Posters and T-shirts can follow on the heels of the bumper stickers. There are already companies which print up all three, with consistent motifs and sayings running through them. (I'm thinking Northern Sun and CafePress, but there are sure to be others.) If the designs are good enough, production will follow. The tone of the conversation may not improve, but its effective balance just might.

And LARPing? That's "Live Action Role Playing". Kind of like Dungeons and Dragons meets street theater. Think "Assassin". Think "Zombies vs. Humans." Now think of how something similar could be based on a premise of climate disruption.

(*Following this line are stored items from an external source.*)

(* For any $\varepsilon,\alpha\in(0,1)$ and any $\beta>0$, if $G=(V,E)$ is a finite graph and $\mathcal{P}'$ is a partition of $V$, then there exists an $(\varepsilon,\alpha,\beta)$-good coarsening of $\mathcal{P}'$.
   Context: A partition $\mathcal{P}$ is a coarsening of $\mathcal{P}'$ if every set of $\mathcal{P}$ is a union of sets of $\mathcal{P}'$. Let $\mathcal{P}'$ be $V=V'_1\sqcup\dots\sqcup V'_\ell$ and $\mathcal{P}$, given by $V=V_1\sqcup\dots\sqcup V_k$, a coarsening of it; for $i\in[k]$, $\mathcal{P}_i$ is the partition of $V_i$ into sets of $\mathcal{P}'$. For a partition $\mathcal{Q}$ of a vertex set into sets $U_1,\dots,U_m$ and $c>0$, $H(\mathcal{Q},c)$ is the graph on $[m]$ where $j\ne j'$ are adjacent iff $|E(U_j,U_{j'})|>c$, with $E(A,B)$ the set of edges of $G$ between $A$ and $B$. $\mathcal{P}$ is an $(\varepsilon,\alpha,\beta)$-good coarsening of $\mathcal{P}'$ if there exists $\theta\in\left[\varepsilon\left(\frac{\varepsilon\alpha}{\ell^2}\right)^{2^\ell},\varepsilon\right]$ such that (1) for every $i\in[k]$, $H(\mathcal{P}_i,\theta\beta)$ is connected; (2) for every $i\in[k]$, $|E(V_i,V\setminus V_i)|\le\theta^2\beta\alpha$. *)

From HB Require Import structures.
From mathcomp Require Import all_boot all_order all_algebra.
From mathcomp Require Import reals.
Set Implicit Arguments. Unset Strict Implicit. Unset Printing Implicit Defensive.
Import Order.TTheory GRing.Theory Num.Theory.
Local Open Scope ring_scope.

(* A finite simple graph: vertex set the finType V, edge relation e
   (assumed symmetric and irreflexive in the theorem). *)

(* |E(A,B)| for disjoint A, B: number of pairs (x,y), x in A, y in B, with
   an edge xy.  For disjoint A and B each edge between them is counted once. *)
Definition nedges (V : finType) (e : rel V) (A B : {set V}) : nat :=
  (#|[set p : V * V | [&& p.1 \in A, p.2 \in B & e p.1 p.2]]|)%N.

Definition Hadj (R : realType) (V : finType) (e : rel V) (Q : {set {set V}}) (c : R)
  : rel {set V} :=
  fun U U' => [&& U \in Q, U' \in Q, U != U' & c < (nedges e U U')%:R].

Definition H_connected (R : realType) (V : finType) (e : rel V)
  (Q : {set {set V}}) (c : R) : Prop :=
  forall U U', U \in Q -> U' \in Q -> connect (Hadj e Q c) U U'.

Definition coarsening (V : finType) (P P' : {set {set V}}) : Prop :=
  forall X, X \in P -> exists2 S : {set {set V}}, S \subset P' & X = cover S.

Definition subpart (V : finType) (P' : {set {set V}}) (X : {set V}) : {set {set V}} :=
  [set B in P' | B \subset X].

Definition good_coarsening (R : realType) (V : finType) (e : rel V)
  (eps alpha beta : R) (P P' : {set {set V}}) : Prop :=
  partition P [set: V] /\ coarsening P P' /\
  let ell := #|P'| in
  exists theta : R,
    [/\ eps * ((eps * alpha) / (ell ^ 2)%N%:R) ^+ (2 ^ ell)%N <= theta,
        theta <= eps,
        (forall X, X \in P -> H_connected e (subpart P' X) (theta * beta)) &
        (forall X, X \in P -> (nedges e X (~: X))%:R <= theta ^+ 2 * beta * alpha)].

From HB Require Import structures.
From mathcomp Require Import all_boot all_order all_algebra.
From mathcomp Require Import reals.
From mathcomp Require Import ring zify.
Set Implicit Arguments. Unset Strict Implicit. Unset Printing Implicit Defensive.
Import Order.TTheory GRing.Theory Num.Theory.
Local Open Scope ring_scope.

(* Let H_c be H(P', c).  Its components only merge as c decreases.  Put
   theta_j = eps (eps a)^(2^j - 1) with a = alpha / ell^2, so that
   theta_(j+1) = theta_j^2 a.  The number of components of H_(theta_j beta) is
   nonincreasing in j and at most ell, hence it stalls at some j <= ell, where
   H_(theta_j beta) and H_(theta_(j+1) beta) have the same components.  Take
   for P the unions of these components: each is connected in
   H_(theta_j beta), and blocks of P' in different components span at most
   theta_(j+1) beta edges, so at most ell^2 theta_(j+1) beta
   = theta_j^2 beta alpha edges leave each part. *)

Lemma leq_card_bigcup (I T : finType) (A : {pred I}) (F : I -> {set T}) :
  (#|\bigcup_(i in A) F i| <= \sum_(i in A) #|F i|)%N.
Proof.
elim/big_rec2: _ => [|i n U _ le_Un]; first by rewrite cards0.
by rewrite (leq_trans (leq_card_setU _ _).1) ?leq_add2l.
Qed.

Lemma closed_connect_sub (T : finType) (r r' : rel T) (a : {pred T}) :
  (forall x y, x \in a -> r x y -> (y \in a) && r' x y) ->
  forall x y, x \in a -> connect r x y -> connect r' x y.
Proof.
move=> cl_a x y ax /connectP[p + ->].
elim: p x ax => [|z p IHp] x ax /=; first by rewrite connect0.
case/andP=> /(cl_a _ _ ax)/andP[az r'xz] /(IHp _ az).
exact: connect_trans (connect1 r'xz).
Qed.

Lemma nonincreasing_plateau (u : nat -> nat) (l : nat) :
  (forall j, u j.+1 <= u j)%N -> (u 0 <= l)%N ->
  exists2 j, (j <= l)%N & u j.+1 = u j.
Proof.
elim: l u => [|l IHl] u u_dec u0l.
  by exists 0%N => //; apply/eqP; rewrite eqn_leq u_dec (leq_trans u0l).
have [|ne_u10] := eqVneq (u 1%N) (u 0%N); first by exists 0%N.
have [|j jl Ej] := IHl (fun j => u j.+1) (fun j => u_dec j.+1).
  by rewrite -ltnS (leq_trans _ u0l) // ltn_neqAle ne_u10 u_dec.
by exists j.+1.
Qed.

Lemma subpart_cover (T : finType) (P' : {set {set T}}) (D : {set T})
  (K : {set {set T}}) :
  partition P' D -> K \subset P' -> subpart P' (cover K) = K.
Proof.
move=> partP' sKP'; apply/setP => B; rewrite inE.
apply/andP/idP => [[P'B sBK]|KB]; last by rewrite (subsetP sKP') ?bigcup_sup.
have /set0Pn[x Bx] := partition_neq0 partP' P'B.
have /bigcupP[B' KB' xB'] := subsetP sBK x Bx.
have tiP' := partition_trivIset partP'.
by rewrite -(def_pblock tiP' P'B Bx) (def_pblock tiP' (subsetP sKP' _ KB') xB').
Qed.

Section CoarserPartition.

Variables (T : finType) (D : {set T}) (R S : rel T).
Hypotheses (eqR : equivalence_rel R) (eqS : equivalence_rel S).
Hypothesis sRS : subrel R S.

Let saturate (A : {set T}) := [set y in D | [exists x in A, S x y]].

Let saturate_class x : x \in D ->
  saturate [set y in D | R x y] = [set y in D | S x y].
Proof.
move=> Dx; apply/setP => y; rewrite !inE; apply: andb_id2l => Dy.
apply/existsP/idP => [[z /andP[/[!inE] /andP[_ /sRS Sxz] Szy]]|Sxy].
  by rewrite ((eqS x z y).2 Sxz).
by exists x; rewrite !inE Dx (eqR x x x).1.
Qed.

Let coarser_imset :
  equivalence_partition S D = saturate @: equivalence_partition R D.
Proof.
rewrite /equivalence_partition -imset_comp.
by apply: eq_in_imset => x Dx; rewrite /= saturate_class.
Qed.

Lemma leq_card_coarser_partition :
  (#|equivalence_partition S D| <= #|equivalence_partition R D|)%N.
Proof. by rewrite coarser_imset leq_imset_card. Qed.

Lemma coarser_partition_card_eq :
  #|equivalence_partition S D| = #|equivalence_partition R D| ->
  equivalence_partition S D = equivalence_partition R D.
Proof.
move=> eq_card; have /imset_injP inj_sat :
  #|saturate @: equivalence_partition R D| == #|equivalence_partition R D|.
  by rewrite -coarser_imset eq_card.
apply: eq_in_imset => x Dx; apply/setP => y; rewrite !inE.
apply: andb_id2l => Dy; apply/idP/idP => [Sxy|/sRS //].
have : [set z in D | R x z] = [set z in D | R y z].
  apply: inj_sat; rewrite ?imset_f // !saturate_class //.
  by apply/setP => z; rewrite !inE ((eqS x y z).2 Sxy).
by move/setP/(_ y); rewrite !inE Dy (eqR y y y).1.
Qed.

End CoarserPartition.

Section Hcomponents.

Variables (R : realType) (V : finType) (e : rel V).
Hypothesis esym : symmetric e.

Lemma nedgesC (A B : {set V}) : nedges e A B = nedges e B A.
Proof.
have swapK : involutive (fun p : V * V => (p.2, p.1)) by case.
rewrite /nedges -(card_imset _ (inv_inj swapK)); apply: eq_card => -[x y].
apply/imsetP/idP => [[[x' y']]|].
  by rewrite !inE /= => /and3P[xA yB exy] [-> ->]; rewrite xA yB esym.
rewrite !inE /= => /and3P[xB yA exy].
by exists (y, x); rewrite // inE xB yA esym.
Qed.

Lemma nedges_subset (A A' B B' : {set V}) :
  A \subset A' -> B \subset B' -> (nedges e A B <= nedges e A' B')%N.
Proof.
move=> sAA' sBB'; apply: subset_leq_card; apply/subsetP => -[x y].
by rewrite !inE /= => /and3P[xA yB ->]; rewrite (subsetP sAA') ?(subsetP sBB').
Qed.

Lemma nedges_cover_le (A B : {set {set V}}) :
  (nedges e (cover A) (cover B)
     <= \sum_(U in A) \sum_(U' in B) nedges e U U')%N.
Proof.
pose E (U U' : {set V}) :=
  [set p : V * V | [&& p.1 \in U, p.2 \in U' & e p.1 p.2]].
have sub :
  E (cover A) (cover B) \subset \bigcup_(U in A) \bigcup_(U' in B) E U U'.
  apply/subsetP => -[x y]; rewrite inE /= => /and3P[/bigcupP[U AU xU]].
  case/bigcupP=> U' BU' yU' exy; apply/bigcupP; exists U => //.
  by apply/bigcupP; exists U'; rewrite // inE xU yU'.
apply: leq_trans (subset_leq_card sub) _.
apply: leq_trans (leq_card_bigcup _ _) _.
by apply: leq_sum => U _; apply: leq_card_bigcup.
Qed.

Lemma Hadj_sym (Q : {set {set V}}) (c : R) : symmetric (Hadj e Q c).
Proof. by move=> U U'; rewrite /Hadj nedgesC eq_sym andbCA. Qed.

Lemma Hadj_antimono (Q : {set {set V}}) (c' c : R) :
  c' <= c -> subrel (Hadj e Q c) (Hadj e Q c').
Proof.
by move=> le_c'c U U'; rewrite /Hadj => /and4P[-> -> -> /(le_lt_trans le_c'c)].
Qed.

Lemma connect_Hadj_equiv (Q : {set {set V}}) (c : R) :
  equivalence_rel (connect (Hadj e Q c)).
Proof.
apply/equivalence_relP; split; first exact: connect0.
exact/same_connect/sym_connect_sym/Hadj_sym.
Qed.

Definition Hcomponents (Q : {set {set V}}) (c : R) : {set {set {set V}}} :=
  equivalence_partition (connect (Hadj e Q c)) Q.

Lemma Hcomponents_partition (Q : {set {set V}}) (c : R) :
  partition (Hcomponents Q c) Q.
Proof.
by apply: equivalence_partitionP => U U' U'' _ _ _; apply: connect_Hadj_equiv.
Qed.

Lemma leq_card_Hcomponents (Q : {set {set V}}) (c' c : R) : c' <= c ->
  (#|Hcomponents Q c'| <= #|Hcomponents Q c|)%N.
Proof.
move=> le_c'c; apply: leq_card_coarser_partition; try exact: connect_Hadj_equiv.
by apply: connect_sub => U U' /(Hadj_antimono le_c'c)/connect1.
Qed.

Lemma Hcomponents_card_eq (Q : {set {set V}}) (c' c : R) : c' <= c ->
    #|Hcomponents Q c'| = #|Hcomponents Q c| ->
  Hcomponents Q c' = Hcomponents Q c.
Proof.
move=> le_c'c; apply: coarser_partition_card_eq; try exact: connect_Hadj_equiv.
by apply: connect_sub => U U' /(Hadj_antimono le_c'c)/connect1.
Qed.

Lemma Hcomponents_plateau (Q : {set {set V}}) (c : nat -> R) :
  (forall j, c j.+1 <= c j) ->
  exists2 j, (j <= #|Q|)%N & Hcomponents Q (c j.+1) = Hcomponents Q (c j).
Proof.
move=> c_dec; have [j le_jQ plateau] :=
  @nonincreasing_plateau (fun j => #|Hcomponents Q (c j)|) #|Q|
    (fun j => leq_card_Hcomponents Q (c_dec j)) (leq_imset_card _ _).
by exists j; last exact: Hcomponents_card_eq (c_dec j) plateau.
Qed.

Lemma Hcomponent_connected (Q K : {set {set V}}) (c : R) :
  K \in Hcomponents Q c -> H_connected e K c.
Proof.
case/imsetP=> B _ defK U U' KU KU'.
have inK X : X \in K = (X \in Q) && connect (Hadj e Q c) B X.
  by rewrite defK inE.
have UU' : connect (Hadj e Q c) U U'.
  move: (KU) (KU'); rewrite !inK => /andP[_ BU] /andP[_ BU'].
  by apply: connect_trans BU'; rewrite (sym_connect_sym (Hadj_sym Q c)).
apply: (@closed_connect_sub _ _ _ (mem K) _ _ _ KU UU').
move=> X Y KX /[dup] HXY /and4P[_ QY neXY lt_c].
have KY : Y \in K.
  move: KX; rewrite !inK QY => /andP[_ BX].
  exact: connect_trans BX (connect1 HXY).
by rewrite KY /Hadj KX KY neXY lt_c.
Qed.

Lemma Hcomponent_nedges_out (Q K : {set {set V}}) (c : R) U U' :
  K \in Hcomponents Q c -> U \in K -> U' \in Q :\: K -> (nedges e U U')%:R <= c.
Proof.
case/imsetP=> B QB defK KU /setDP[QU' notKU'].
have neqUU' : U != U' by apply: contraNneq notKU' => <-.
have := KU; rewrite defK inE => /andP[QU BU].
rewrite leNgt; apply: contra notKU' => lt_c; rewrite defK inE QU' /=.
by apply: connect_trans BU (connect1 _); rewrite /Hadj QU QU' neqUU'.
Qed.

Lemma nedges_Hcomponent_le (Q K : {set {set V}}) (c : R) :
  cover Q = [set: V] -> 0 <= c -> K \in Hcomponents Q c ->
  (nedges e (cover K) (~: cover K))%:R <= c * (#|Q| ^ 2)%N%:R.
Proof.
move=> coverQ c_ge0 QK.
have sKQ : K \subset Q := partitionS (Hcomponents_partition Q c) QK.
have sCK : ~: cover K \subset cover (Q :\: K).
  apply/subsetP => x; rewrite inE => xK.
  have /bigcupP[U QU xU] : x \in cover Q by rewrite coverQ inE.
  apply/bigcupP; exists U => //; rewrite inE QU andbT.
  by apply: contra xK => KU; apply/bigcupP; exists U.
apply: le_trans
    (_ : _ <= (\sum_(U in K) \sum_(U' in Q :\: K) nedges e U U')%:R) _.
  by rewrite ler_nat (leq_trans (nedges_subset (subxx _) sCK)) ?nedges_cover_le.
rewrite natr_sum.
apply: le_trans (_ : _ <= \sum_(U in K) \sum_(U' in Q :\: K) c) _.
  apply: ler_sum => U KU; rewrite natr_sum; apply: ler_sum => U' QU'.
  exact: Hcomponent_nedges_out QK KU QU'.
rewrite !sumr_const -mulrnA -[c *+ _]mulr_natr; apply: ler_wpM2l => //.
by rewrite ler_nat -mulnn leq_mul ?subset_leq_card ?subsetDl.
Qed.

End Hcomponents.

Section Threshold.

Variables (R : realFieldType) (eps a : R).

Definition threshold (n : nat) : R := eps * (eps * a) ^+ (2 ^ n - 1).

Lemma thresholdS n : threshold n.+1 = threshold n ^+ 2 * a.
Proof.
rewrite /threshold; have -> : (2 ^ n.+1 - 1 = ((2 ^ n - 1) + (2 ^ n - 1)).+1)%N.
  by have := expn_gt0 2 n; rewrite expnS; lia.
rewrite exprS exprD; set y := (eps * a) ^+ _; ring.
Qed.

Hypotheses (eps_ge0 : 0 <= eps) (a_ge0 : 0 <= a) (epsa_le1 : eps * a <= 1).

Let epsa_ge0 : 0 <= eps * a. Proof. exact: mulr_ge0. Qed.

Lemma threshold_ge0 n : 0 <= threshold n.
Proof. by rewrite mulr_ge0 ?exprn_ge0. Qed.

Lemma threshold_le n : threshold n <= eps.
Proof. by rewrite ler_piMr ?exprn_ile1. Qed.

Lemma threshold_antimono m n : (m <= n)%N -> threshold n <= threshold m.
Proof.
move=> le_mn; rewrite ler_wpM2l // ler_wiXn2l // leq_sub2r //.
by rewrite leq_pexp2l.
Qed.

Lemma threshold_lower m n : (m <= n)%N ->
  eps * (eps * a) ^+ (2 ^ n) <= threshold m.
Proof.
move=> le_mn; rewrite ler_wpM2l // ler_wiXn2l //.
by rewrite (leq_trans (leq_subr _ _)) ?leq_pexp2l.
Qed.

End Threshold.

Theorem lemma2p13 (R : realType) (eps alpha beta : R)
  (heps : 0 < eps < 1) (halpha : 0 < alpha < 1) (hbeta : 0 < beta)
  (V : finType) (e : rel V) (esym : symmetric e) (eirr : irreflexive e)
  (P' : {set {set V}}) (hP' : partition P' [set: V]) :
  exists P : {set {set V}}, good_coarsening e eps alpha beta P P'.
Proof.
case/andP: heps => eps_gt0 eps_lt1; case/andP: halpha => alpha_gt0 alpha_lt1.
set l := #|P'|; set a := alpha / (l ^ 2)%N%:R; set t := threshold eps a.
have eps_ge0 := ltW eps_gt0.
have a_ge0 : 0 <= a by rewrite /a divr_ge0 // ltW.
have a_le1 : a <= 1.
  rewrite /a; have [->|l2_gt0] := posnP (l ^ 2); first by rewrite invr0 mulr0.
  by rewrite ler_pdivrMr ?ltr0n // mul1r (le_trans (ltW alpha_lt1)) ?ler1n.
have epsa_le1 : eps * a <= 1 by rewrite mulr_ile1 // ltW.
have t_antimono j : t j.+1 * beta <= t j * beta.
  by rewrite ler_wpM2r ?threshold_antimono // ltW.
have [j le_jl comps_eq] := Hcomponents_plateau esym P' t_antimono.
set comps := Hcomponents e P' (t j * beta) in comps_eq *.
have comps_part : partition comps P' := Hcomponents_partition esym P' _.
exists (cover @: comps); split.
  exact: (partition_partition hP' comps_part).1.
split=> [_ /imsetP[K compK ->]|].
  by exists K; rewrite ?(partitionS comps_part).
exists (t j); split=> [||_ /imsetP[K compK ->]|_ /imsetP[K compK ->]].
- by rewrite -mulrA threshold_lower.
- by rewrite threshold_le.
- rewrite (subpart_cover hP') ?(partitionS comps_part) //.
  exact: Hcomponent_connected compK.
- have /set0Pn[U KU] := partition_neq0 comps_part compK.
  have l_gt0 : (0 < l)%N.
    apply/card_gt0P; exists U.
    exact: subsetP (partitionS comps_part compK) U KU.
  suff -> : t j ^+ 2 * beta * alpha = t j.+1 * beta * (l ^ 2)%N%:R.
    rewrite -comps_eq in compK.
    apply: (nedges_Hcomponent_le esym (cover_partition hP') _ compK).
    by rewrite mulr_ge0 ?threshold_ge0 // ltW.
  by rewrite /t thresholdS /a; field; rewrite pnatr_eq0 -lt0n.
Qed.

Not all of these are good ideas. Maybe the whole thing's a pipe dream (although my pipe has seemed disturbingly empty, of late). Maybe there are far better ways to create a viral message which can start on campuses and spread throughout society. But since the rest of us don't have the virtually unlimited funding available to the oil/plastics/coal billionaires who fund the Cato Institute, the Heritage Foundation, the Competitive Enterprise Institute, "No Stimulus", Americans for Prosperity (read "tea baggers") and formerly the John Birch Society, we have to start small.

See, sometimes it's not really a high road. Sometimes it's merely a porch. And if you want to run with the big dogs, sooner or later you've got to come off of it. Even when the porch is attached to a tower of ivory.